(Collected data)
(* Let $\mathcal{H}_O\simeq\mathbb{C}^{d_O}$ and $\mathcal{H}_R\simeq\mathbb{C}^{d_R}$. Let $H_R=\sum_{m=1}^{d_R}\lambda_m^{\uparrow}|\xi_m\rangle\langle\xi_m|$ with $\lambda_1^\uparrow\leqslant\dots\leqslant\lambda_{d_R}^\uparrow$ and $\{|\xi_m\rangle\}$ an orthonormal basis of $\mathcal{H}_R$; let $\beta\in(0,\infty)$ and $\rho_R(\beta)=e^{-\beta H_R}/\mathrm{tr}[e^{-\beta H_R}]=\sum_m r_m^{\downarrow}|\xi_m\rangle\langle\xi_m|$. Let $\rho_O=\sum_{l=1}^{d_O}o_l^{\downarrow}|\varphi_l\rangle\langle\varphi_l|$ be a density operator on $\mathcal{H}_O$ with $o_1^\downarrow\geqslant\dots\geqslant o_{d_O}^\downarrow$ and $\{|\varphi_l\rangle\}$ an orthonormal basis. Write $\rho=\rho_O\otimes\rho_R(\beta)=\sum_{n=1}^{d_Od_R}p_n^{\downarrow}|\psi_n\rangle\langle\psi_n|$, where $(p_n^\downarrow)_n$ is the non-increasing rearrangement of $(o_l^\downarrow r_m^\downarrow)_{l,m}$ and $(|\psi_n\rangle)_n$ the correspondingly rearranged family $(|\varphi_l\rangle\otimes|\xi_m\rangle)_{l,m}$. For a unitary $U$ on $\mathcal{H}_O\otimes\mathcal{H}_R$ let $\rho_O'=\mathrm{tr}_R[U\rho U^\dagger]$ and $p(\varphi_1|\rho_O')=\langle\varphi_1|\rho_O'|\varphi_1\rangle$. Then $$\max_{U}\, p(\varphi_1|\rho_O')=p_{\varphi_1}^{\max}:=\sum_{m=1}^{d_R}p_m^{\downarrow},$$ and this maximum is attained by every unitary $U$ for which there is an orthonormal basis $\{|\xi_m'\rangle\}_{m=1}^{d_R}$ of $\mathcal{H}_R$ with $U|\psi_m\rangle=|\varphi_1\rangle\otimes|\xi_m'\rangle$ for all $m\in\{1,\dots,d_R\}$.
   Context: The maximum is over all unitary operators on $\mathcal{H}_O\otimes\mathcal{H}_R$; $\mathrm{tr}_R$ denotes the partial trace over $\mathcal{H}_R$. *)

From HB Require Import structures.
From mathcomp Require Import all_boot all_order all_algebra.
From mathcomp.real_closed Require Import complex mxtens.
From mathcomp Require Import reals.
From mathcomp Require Import sequences exp.
Set Implicit Arguments. Unset Strict Implicit. Unset Printing Implicit Defensive.
Import Order.TTheory GRing.Theory Num.Theory.
Local Open Scope ring_scope.
(* Let $N$ be a positive integer, $L>0$, and $\zeta=(\zeta_0,\dots,\zeta_{N+2})\in\mathbb{R}^{N+3}$ with $\zeta_0>\zeta_1>\dots>\zeta_{N+1}>\zeta_{N+2}=0$. With $W^\zeta$ as defined in the context, for any $y\in\mathbb{R}^{N+1}$ the minimization problem defining $W^\zeta(y)$ has an optimal solution $(\nu^*,\alpha^* )$ with $\alpha^*\in\Delta_{N+2}$ of the form \[ \alpha^*=(\underbrace{0,\dots,0}_{m},\alpha^*_m,1-\alpha^*_m,\underbrace{0,\dots,0}_{N-m}) \] for some $m\in\{0,\dots,N\}$.
   Context: Let $e_0,\dots,e_N$ denote the standard unit vectors of $\mathbb{R}^{N+1}$ (zero-based indexing). Define for $i=0,\dots,N+1$: $x_i=-\sum_{j=0}^{i-1}\frac{\zeta_j-\zeta_{i+1}}{\sqrt{\zeta_j-\zeta_{j+1}}}e_j\in\mathbb{R}^{N+1}$; $g_i=L\sqrt{\zeta_i-\zeta_{i+1}}\,e_i$ for $i=0,\dots,N$ and $g_{N+1}=0$; $f_i=\frac L2(\zeta_i+\zeta_{i+1})$ for $i=0,\dots,N$ and $f_{N+1}=0$. For $y\in\mathbb{R}^{N+1}$, $\nu\in\mathbb{R}^{N+1}$, $\alpha=(\alpha_0,\dots,\alpha_{N+1})\in\mathbb{R}^{N+2}$ let $w^\zeta(y,\nu,\alpha)=\frac L2\|y+\nu-\sum_{i=0}^{N+1}\alpha_i(x_i-\frac1Lg_i)\|^2+\sum_{i=0}^{N+1}\alpha_i(f_i-\frac1{2L}\|g_i\|^2)$, and $W^\zeta(y)=\min\{w^\zeta(y,\nu,\alpha):\nu\in\mathbb{R}^{N+1}_+,\ \alpha\in\Delta_{N+2}\}$, where $\mathbb{R}^{N+1}_+$ is the nonnegative orthant and $\Delta_{N+2}=\{\alpha\in\mathbb{R}^{N+2}:\alpha_i\geq0,\ \sum_i\alpha_i=1\}$ (entries indexed $0,\dots,N+1$). *)

From mathcomp Require Import all_boot all_order all_algebra.
From mathcomp Require Import reals.
Set Implicit Arguments. Unset Strict Implicit. Unset Printing Implicit Defensive.
Import Order.TTheory GRing.Theory Num.Theory.
Local Open Scope ring_scope.

Section Defs.
Variable R : realType.
Variable N : nat.
Variable L : R.
Variable zeta : nat -> R. (* only zeta 0, ..., zeta (N+2) matter *)

Definition sqnorm (v : 'I_N.+1 -> R) : R := \sum_(j < N.+1) v j ^+ 2.

Definition xpt (i : nat) : 'I_N.+1 -> R := fun j =>
  if (j < i)%N then - ((zeta j - zeta i.+1) / Num.sqrt (zeta j - zeta j.+1))
  else 0.

Definition gpt (i : nat) : 'I_N.+1 -> R := fun j =>
  if (i <= N)%N && (nat_of_ord j == i) then L * Num.sqrt (zeta i - zeta i.+1)
  else 0.

Definition fval (i : nat) : R :=
  if (i <= N)%N then L / 2 * (zeta i + zeta i.+1) else 0.

Definition wfun (y nu : 'I_N.+1 -> R) (alpha : 'I_N.+2 -> R) : R :=
  L / 2 * sqnorm (fun j => y j + nu j
      - \sum_(i < N.+2) alpha i * (xpt i j - L^-1 * gpt i j))
  + \sum_(i < N.+2) alpha i * (fval i - (2 * L)^-1 * sqnorm (gpt i)).

Definition nonneg_orthant (nu : 'I_N.+1 -> R) : Prop := forall j, 0 <= nu j.

Definition in_simplex (alpha : 'I_N.+2 -> R) : Prop :=
  (forall i, 0 <= alpha i) /\ \sum_(i < N.+2) alpha i = 1.

End Defs.

From mathcomp Require Import all_boot all_order all_algebra.
From mathcomp Require Import all_classical all_reals all_analysis.
From mathcomp Require Import ring lra.
Set Implicit Arguments. Unset Strict Implicit. Unset Printing Implicit Defensive.
Import Order.TTheory GRing.Theory Num.Theory.
Import numFieldNormedType.Exports.
Local Open Scope ring_scope.
Local Open Scope classical_set_scope.

(** The i-th term of u_j = sum_i alpha_i (x_i - g_i / L)_j equals
    -(zeta_j - zeta_(i+1))_+ / sqrt (zeta_j - zeta_(j+1)), and
    f_i - |g_i|^2 / (2L) = L zeta_(i+1).  Minimizing over nu >= 0 replaces each
    residual by its positive part, and by convexity of t |-> t_+ the objective is
    then bounded below by a continuous function of the mean
    e = sum_i alpha_i zeta_(i+1) in [0, zeta_1] alone, with equality when alpha
    is supported on two consecutive indices.  A minimizer e of that function lies
    in some [zeta_(m+2), zeta_(m+1)], and its barycentric coordinates there give
    the optimal alpha. *)

Section PosPart.
Variable R : realDomainType.
Implicit Types x y t : R.

Definition pos_part x : R := Num.max x 0.

Lemma pos_part_ge0 x : 0 <= pos_part x.
Proof. by rewrite le_max lexx orbT. Qed.

Lemma ger0_pos_part x : 0 <= x -> pos_part x = x.
Proof. by move=> x0; rewrite /pos_part max_l. Qed.

Lemma ler0_pos_part x : x <= 0 -> pos_part x = 0.
Proof. by move=> x0; rewrite /pos_part max_r. Qed.

Lemma addr_pos_partN x : x + pos_part (- x) = pos_part x.
Proof.
case: (leP 0 x) => x0.
  by rewrite ler0_pos_part ?oppr_le0 // addr0 ger0_pos_part.
by rewrite ger0_pos_part ?oppr_ge0 ?ltW // subrr ler0_pos_part ?ltW.
Qed.

Lemma pos_part_sqr_le x y : x <= y -> pos_part x ^+ 2 <= y ^+ 2.
Proof.
move=> xy; case: (leP x 0) => x0; first by rewrite ler0_pos_part // expr0n sqr_ge0.
by rewrite ger0_pos_part ?(ltW x0) //; nra.
Qed.

Lemma pos_part_sum_le (I : finType) (w a : I -> R) : (forall i, 0 <= w i) ->
  pos_part (\sum_i w i * a i) <= \sum_i w i * pos_part (a i).
Proof.
move=> w0; rewrite ge_max; apply/andP; split.
- by apply: ler_sum => i _; rewrite ler_wpM2l // le_max lexx.
- by apply: sumr_ge0 => i _; rewrite mulr_ge0 ?pos_part_ge0.
Qed.

Lemma pos_part_convex_comb t x y : 0 <= t <= 1 ->
  (0 <= x) && (0 <= y) || (x <= 0) && (y <= 0) ->
  pos_part (t * x + (1 - t) * y) = t * pos_part x + (1 - t) * pos_part y.
Proof.
move=> /andP[t0 t1] /orP[/andP[x0 y0]|/andP[x0 y0]].
  by rewrite !ger0_pos_part // addr_ge0 // mulr_ge0 // subr_ge0.
by rewrite !ler0_pos_part ?mulr0 ?addr0 //; nra.
Qed.

Lemma weighted_sum_bounds (I : finType) (w a : I -> R) lo hi :
  (forall i, 0 <= w i) -> \sum_i w i = 1 -> (forall i, lo <= a i <= hi) ->
  lo <= \sum_i w i * a i <= hi.
Proof.
move=> w0 w1 a_itv; rewrite -[lo]mul1r -[hi]mul1r -w1 !mulr_suml.
by apply/andP; split; apply: ler_sum => i _; rewrite ler_wpM2l //; case/andP: (a_itv i).
Qed.

Lemma exists_step_bracket (f : nat -> R) n e : f n.+1 <= e <= f 0 ->
  exists2 k, (k <= n)%N & f k.+1 <= e <= f k.
Proof.
elim: n => [|n IHn] /andP[fe ef]; first by exists 0%N; rewrite ?fe.
have [efn|fne] := leP e (f n.+1); first by exists n.+1; rewrite ?fe.
have /IHn[k kn ekf] : f n.+1 <= e <= f 0 by rewrite (ltW fne) ef.
by exists k; rewrite // ltnW.
Qed.

End PosPart.

Lemma segment_convex_coord (R : realFieldType) (a b e : R) : b < a -> b <= e <= a ->
  exists2 t, 0 <= t <= 1 & e = t * a + (1 - t) * b.
Proof.
move=> ba /andP[be ea]; have ab0 : a - b != 0 by rewrite subr_eq0 gt_eqF.
exists ((e - b) / (a - b)); last by field.
rewrite divr_ge0 ?subr_ge0 ?(ltW ba) // ler_pdivrMr ?subr_gt0 // mul1r.
by rewrite lerD2r.
Qed.

Section TwoPoint.
Variables (R : pzRingType) (n : nat).

Definition two_point (m : nat) (t : R) : 'I_n -> R := fun i =>
  if nat_of_ord i == m then t else if nat_of_ord i == m.+1 then 1 - t else 0.

Lemma sum_two_point m t (F : nat -> R) : (m.+1 < n)%N ->
  \sum_(i < n) two_point m t i * F i = t * F m + (1 - t) * F m.+1.
Proof.
move=> mn; have m_n := ltnW mn.
rewrite (bigD1 (Ordinal m_n)) // (bigD1 (Ordinal mn)) ?neq_ltn ?ltnSn ?orbT //=.
rewrite /two_point /= eqxx (gtn_eqF (ltnSn m)) eqxx addrA big1 ?addr0 // => i /andP[im1 im].
by rewrite -!(inj_eq val_inj) /= in im im1; rewrite (negbTE im) (negbTE im1) mul0r.
Qed.

End TwoPoint.

Lemma two_point_simplex (R : realType) (N m : nat) (t : R) :
  (m <= N)%N -> 0 <= t <= 1 -> in_simplex (two_point m t : 'I_N.+2 -> R).
Proof.
move=> mN /andP[t0 t1]; split.
  by move=> i; rewrite /two_point; repeat case: ifP => _; rewrite ?subr_ge0.
have := @sum_two_point R N.+2 m t (fun=> 1) mN.
by under eq_bigr do rewrite mulr1; rewrite !mulr1 subrKC.
Qed.

Section Continuity.
Variable R : realType.

Lemma cvg_pos_part T (F : set_system T) {FF : Filter F} (f : T -> R) (a : R) :
  f @ F --> a -> pos_part (f x) @[x --> F] --> pos_part a.
Proof.
move=> fa; apply: (@continuous_cvg _ _ _ _ _ _ (@pos_part R)) => //.
by apply: (@continuous_max _ _ id (fun _ => 0)); [exact: cvg_id|exact: cvg_cst].
Qed.

End Continuity.

Section Wzeta.
Variables (R : realType) (N : nat) (L : R) (zeta : nat -> R).
Hypothesis L_gt0 : 0 < L.
Hypothesis zeta_decr : forall i : nat, (i <= N.+1)%N -> zeta i.+1 < zeta i.
Hypothesis zeta_last : zeta N.+2 = 0.

Lemma zeta_le i j : (i <= j <= N.+2)%N -> zeta j <= zeta i.
Proof.
case/andP=> + jN; elim: j jN => [|j IHj] jN; first by rewrite leqn0 => /eqP->.
rewrite leq_eqVlt => /orP[/eqP->//|ij].
exact: le_trans (ltW (zeta_decr jN)) (IHj (ltnW jN) ij).
Qed.

Definition sqrt_step j := Num.sqrt (zeta j - zeta j.+1).

Lemma sqrt_step_gt0 j : (j <= N.+1)%N -> 0 < sqrt_step j.
Proof. by move=> jN; rewrite sqrtr_gt0 subr_gt0 zeta_decr. Qed.

Lemma sqr_sqrt_step j : (j <= N.+1)%N -> sqrt_step j ^+ 2 = zeta j - zeta j.+1.
Proof. by move=> jN; rewrite sqr_sqrtr // subr_ge0 ltW // zeta_decr. Qed.

Definition excess (alpha : 'I_N.+2 -> R) (j : nat) : R :=
  \sum_(i < N.+2) alpha i * pos_part (zeta j - zeta i.+1).

Lemma xpt_sub_gpt (i : 'I_N.+2) (j : 'I_N.+1) :
  xpt zeta i j - L^-1 * gpt L zeta i j = - (pos_part (zeta j - zeta i.+1) / sqrt_step j).
Proof.
have jN : (j <= N.+1)%N by rewrite ltnW.
have s_neq0 : sqrt_step j != 0 by rewrite gt_eqF ?sqrt_step_gt0.
rewrite /xpt /gpt; case: (ltngtP j i) => [ji|ij|ij].
- by rewrite andbF mulr0 subr0 ger0_pos_part // subr_ge0 zeta_le // (leqW (ltnW ji)) /=.
- by rewrite andbF mulr0 subr0 ler0_pos_part ?mul0r ?oppr0 // subr_le0 zeta_le // ij ltnW.
- rewrite andbT -ij -ltnS ltn_ord sub0r ger0_pos_part ?subr_ge0 ?ltW ?zeta_decr //.
  by rewrite mulKf ?gt_eqF // -/(sqrt_step j) -(sqr_sqrt_step jN) expr2 mulfK.
Qed.

Lemma fval_sub_sqnorm_gpt (i : 'I_N.+2) :
  fval N L zeta i - (2 * L)^-1 * sqnorm (@gpt R N L zeta i) = L * zeta i.+1.
Proof.
rewrite /fval /sqnorm /gpt; case: (leqP i N) => iN.
  rewrite (bigD1 (Ordinal (iN : (i < N.+1)%N))) //= eqxx big1 => [|k]; last first.
    by rewrite -(inj_eq val_inj) => /negbTE /= ->; rewrite expr0n.
  by rewrite addr0 exprMn -/(sqrt_step i) sqr_sqrt_step ?(leqW iN) //; field; rewrite gt_eqF.
have -> : nat_of_ord i = N.+1 by apply/eqP; rewrite eqn_leq iN -ltnS ltn_ord.
by rewrite zeta_last big1 ?mulr0 ?subr0 // => k _; rewrite expr0n.
Qed.

Lemma sum_xpt_sub_gpt alpha (j : 'I_N.+1) :
  \sum_(i < N.+2) alpha i * (xpt zeta i j - L^-1 * gpt L zeta i j)
  = - (excess alpha j / sqrt_step j).
Proof.
rewrite /excess mulr_suml -sumrN; apply: eq_bigr => i _.
by rewrite xpt_sub_gpt mulrN mulrA.
Qed.

Lemma wfunE y nu alpha : wfun L zeta y nu alpha =
  L / 2 * \sum_(j < N.+1) (y j + nu j + excess alpha j / sqrt_step j) ^+ 2
  + L * \sum_(i < N.+2) alpha i * zeta i.+1.
Proof.
rewrite /wfun; congr (_ * _ + _).
  by apply: eq_bigr => j _; rewrite sum_xpt_sub_gpt opprK.
by rewrite mulr_sumr; apply: eq_bigr => i _; rewrite fval_sub_sqnorm_gpt mulrCA.
Qed.

Lemma excess_ge alpha (j : nat) : in_simplex alpha ->
  pos_part (zeta j - \sum_(i < N.+2) alpha i * zeta i.+1) <= excess alpha j.
Proof.
case=> alpha_ge0 alpha_sum1.
rewrite -[zeta j]mul1r -alpha_sum1 mulr_suml -sumrB.
under eq_bigr do rewrite -mulrBr.
exact: pos_part_sum_le.
Qed.

Lemma excess_two_point m t (j : nat) : (m <= N)%N -> 0 <= t <= 1 -> (j <= N.+2)%N ->
  excess (two_point m t) j = pos_part (zeta j - (t * zeta m.+1 + (1 - t) * zeta m.+2)).
Proof.
move=> mN t01 jN; rewrite /excess (@sum_two_point _ _ m t (fun i => pos_part (zeta j - zeta i.+1))) //.
have -> : zeta j - (t * zeta m.+1 + (1 - t) * zeta m.+2)
          = t * (zeta j - zeta m.+1) + (1 - t) * (zeta j - zeta m.+2) by ring.
(* no zeta_k lies strictly between zeta_(m+2) and zeta_(m+1) *)
rewrite pos_part_convex_comb // !subr_ge0 !subr_le0.
have m2N : (m.+2 <= N.+2)%N by rewrite !ltnS.
apply/orP; have [jm|mj] := leqP j m.+1; [left|right].
  by rewrite !zeta_le // ?(leqW jm) ?jm ?m2N ?(ltnW m2N).
by rewrite !zeta_le // ?jN ?mj ?(ltnW mj).
Qed.

Lemma mean_zeta_bounds alpha : in_simplex alpha ->
  0 <= \sum_(i < N.+2) alpha i * zeta i.+1 <= zeta 1.
Proof.
case=> alpha_ge0 alpha_sum1; apply: weighted_sum_bounds => // i.
by rewrite -zeta_last !zeta_le // ?ltn_ord ?leqnn.
Qed.

Variable y : 'I_N.+1 -> R.

Definition wprofile (e : R) : R :=
  L / 2 * \sum_(j < N.+1) pos_part (y j + pos_part (zeta j - e) / sqrt_step j) ^+ 2 + L * e.

Lemma wprofile_continuous : continuous wprofile.
Proof.
move=> e; apply: cvgD; apply: cvgM; try exact: cvg_cst; last exact: cvg_id.
apply: cvg_big => [|j _]; first exact: add_continuous.
apply: (@continuous_cvg _ _ _ _ _ _ (fun x : R => x ^+ 2)); first exact: exprn_continuous.
apply: cvg_pos_part; apply: cvgD; first exact: cvg_cst.
apply: cvgM; last exact: cvg_cst.
by apply: cvg_pos_part; apply: cvgB; [exact: cvg_cst|exact: cvg_id].
Qed.

Lemma wprofile_le_wfun nu alpha : nonneg_orthant nu -> in_simplex alpha ->
  wprofile (\sum_(i < N.+2) alpha i * zeta i.+1) <= wfun L zeta y nu alpha.
Proof.
move=> nu_ge0 alpha_simplex; rewrite wfunE lerD2r ler_wpM2l ?divr_ge0 ?(ltW L_gt0) //.
apply: ler_sum => j _; apply: pos_part_sqr_le; rewrite -addrA lerD2l.
apply: (@le_trans _ _ (excess alpha j / sqrt_step j)); last by rewrite lerDr nu_ge0.
by rewrite ler_wpM2r ?excess_ge // invr_ge0 ltW // sqrt_step_gt0 // ltnW.
Qed.

Definition nu_opt (alpha : 'I_N.+2 -> R) (j : 'I_N.+1) : R :=
  pos_part (- (y j + excess alpha j / sqrt_step j)).

Lemma wfun_two_point m t : (m <= N)%N -> 0 <= t <= 1 ->
  wfun L zeta y (nu_opt (two_point m t)) (two_point m t)
  = wprofile (t * zeta m.+1 + (1 - t) * zeta m.+2).
Proof.
move=> mN t01; rewrite wfunE /wprofile (@sum_two_point _ _ m t (fun i => zeta i.+1)) //.
congr (_ * _ + _); apply: eq_bigr => j _.
by rewrite addrAC /nu_opt addr_pos_partN excess_two_point // (leqW (ltnW (ltn_ord j))).
Qed.

End Wzeta.

Theorem lemma2 (R : realType) (N : nat) (L : R) (zeta : nat -> R)
  (hN : (0 < N)%N) (hL : 0 < L)
  (hzeta : forall i : nat, (i <= N.+1)%N -> zeta i.+1 < zeta i)
  (hzero : zeta N.+2 = 0)
  (y : 'I_N.+1 -> R) :
  exists (nu : 'I_N.+1 -> R) (alpha : 'I_N.+2 -> R),
    [/\ nonneg_orthant nu, in_simplex alpha,
        (forall (nu' : 'I_N.+1 -> R) (alpha' : 'I_N.+2 -> R),
            nonneg_orthant nu' -> in_simplex alpha' ->
            wfun L zeta y nu alpha <= wfun L zeta y nu' alpha') &
        exists2 m : nat, (m <= N)%N &
          exists a : R, forall i : 'I_N.+2,
            alpha i = if nat_of_ord i == m then a
                      else if nat_of_ord i == m.+1 then 1 - a
                      else 0].
Proof.
have zeta1_ge0 : 0 <= zeta 1 by rewrite -hzero (zeta_le hzeta) // leqnn.
have [e] := EVT_min zeta1_ge0 (continuous_subspaceT (@wprofile_continuous _ _ L zeta y)).
rewrite in_itv /= => /andP[e_ge0 e_le] e_min.
have [m mN e_in_step] : exists2 m, (m <= N)%N & zeta m.+2 <= e <= zeta m.+1.
  by apply: (@exists_step_bracket _ (fun i => zeta i.+1) N); rewrite hzero e_ge0.
have [t t01 e_eq] := segment_convex_coord (hzeta m.+1 mN) e_in_step.
exists (nu_opt zeta y (two_point m t)), (two_point m t); split.
- by move=> j; exact: pos_part_ge0.
- exact: two_point_simplex.
- move=> nu alpha nu_ge0 alpha_simplex.
  rewrite (wfun_two_point hL hzeta hzero) // -e_eq.
  apply: le_trans (wprofile_le_wfun hL hzeta hzero y nu_ge0 alpha_simplex).
  by apply: e_min; rewrite in_itv /= mean_zeta_bounds.
- by exists m => //; exists t.
Qed.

▶ **Task statement**
Take the lines above from the one containing "L / 2 * \sum_(j < N.+1) (y" to the one containing "apply: cvg_big =>" and retype them exactly, both ends included, with nothing added.

▶ **Task answer**
  L / 2 * \sum_(j < N.+1) (y j + nu j + excess alpha j / sqrt_step j) ^+ 2
  + L * \sum_(i < N.+2) alpha i * zeta i.+1.
Proof.
rewrite /wfun; congr (_ * _ + _).
  by apply: eq_bigr => j _; rewrite sum_xpt_sub_gpt opprK.
by rewrite mulr_sumr; apply: eq_bigr => i _; rewrite fval_sub_sqnorm_gpt mulrCA.
Qed.

Lemma excess_ge alpha (j : nat) : in_simplex alpha ->
  pos_part (zeta j - \sum_(i < N.+2) alpha i * zeta i.+1) <= excess alpha j.
Proof.
case=> alpha_ge0 alpha_sum1.
rewrite -[zeta j]mul1r -alpha_sum1 mulr_suml -sumrB.
under eq_bigr do rewrite -mulrBr.
exact: pos_part_sum_le.
Qed.

Lemma excess_two_point m t (j : nat) : (m <= N)%N -> 0 <= t <= 1 -> (j <= N.+2)%N ->
  excess (two_point m t) j = pos_part (zeta j - (t * zeta m.+1 + (1 - t) * zeta m.+2)).
Proof.
move=> mN t01 jN; rewrite /excess (@sum_two_point _ _ m t (fun i => pos_part (zeta j - zeta i.+1))) //.
have -> : zeta j - (t * zeta m.+1 + (1 - t) * zeta m.+2)
          = t * (zeta j - zeta m.+1) + (1 - t) * (zeta j - zeta m.+2) by ring.
(* no zeta_k lies strictly between zeta_(m+2) and zeta_(m+1) *)
rewrite pos_part_convex_comb // !subr_ge0 !subr_le0.
have m2N : (m.+2 <= N.+2)%N by rewrite !ltnS.
apply/orP; have [jm|mj] := leqP j m.+1; [left|right].
  by rewrite !zeta_le // ?(leqW jm) ?jm ?m2N ?(ltnW m2N).
by rewrite !zeta_le // ?jN ?mj ?(ltnW mj).
Qed.

Lemma mean_zeta_bounds alpha : in_simplex alpha ->
  0 <= \sum_(i < N.+2) alpha i * zeta i.+1 <= zeta 1.
Proof.
case=> alpha_ge0 alpha_sum1; apply: weighted_sum_bounds => // i.
by rewrite -zeta_last !zeta_le // ?ltn_ord ?leqnn.
Qed.

Variable y : 'I_N.+1 -> R.

Definition wprofile (e : R) : R :=
  L / 2 * \sum_(j < N.+1) pos_part (y j + pos_part (zeta j - e) / sqrt_step j) ^+ 2 + L * e.

Lemma wprofile_continuous : continuous wprofile.
Proof.
move=> e; apply: cvgD; apply: cvgM; try exact: cvg_cst; last exact: cvg_id.
apply: cvg_big => [|j _]; first exact: add_continuous.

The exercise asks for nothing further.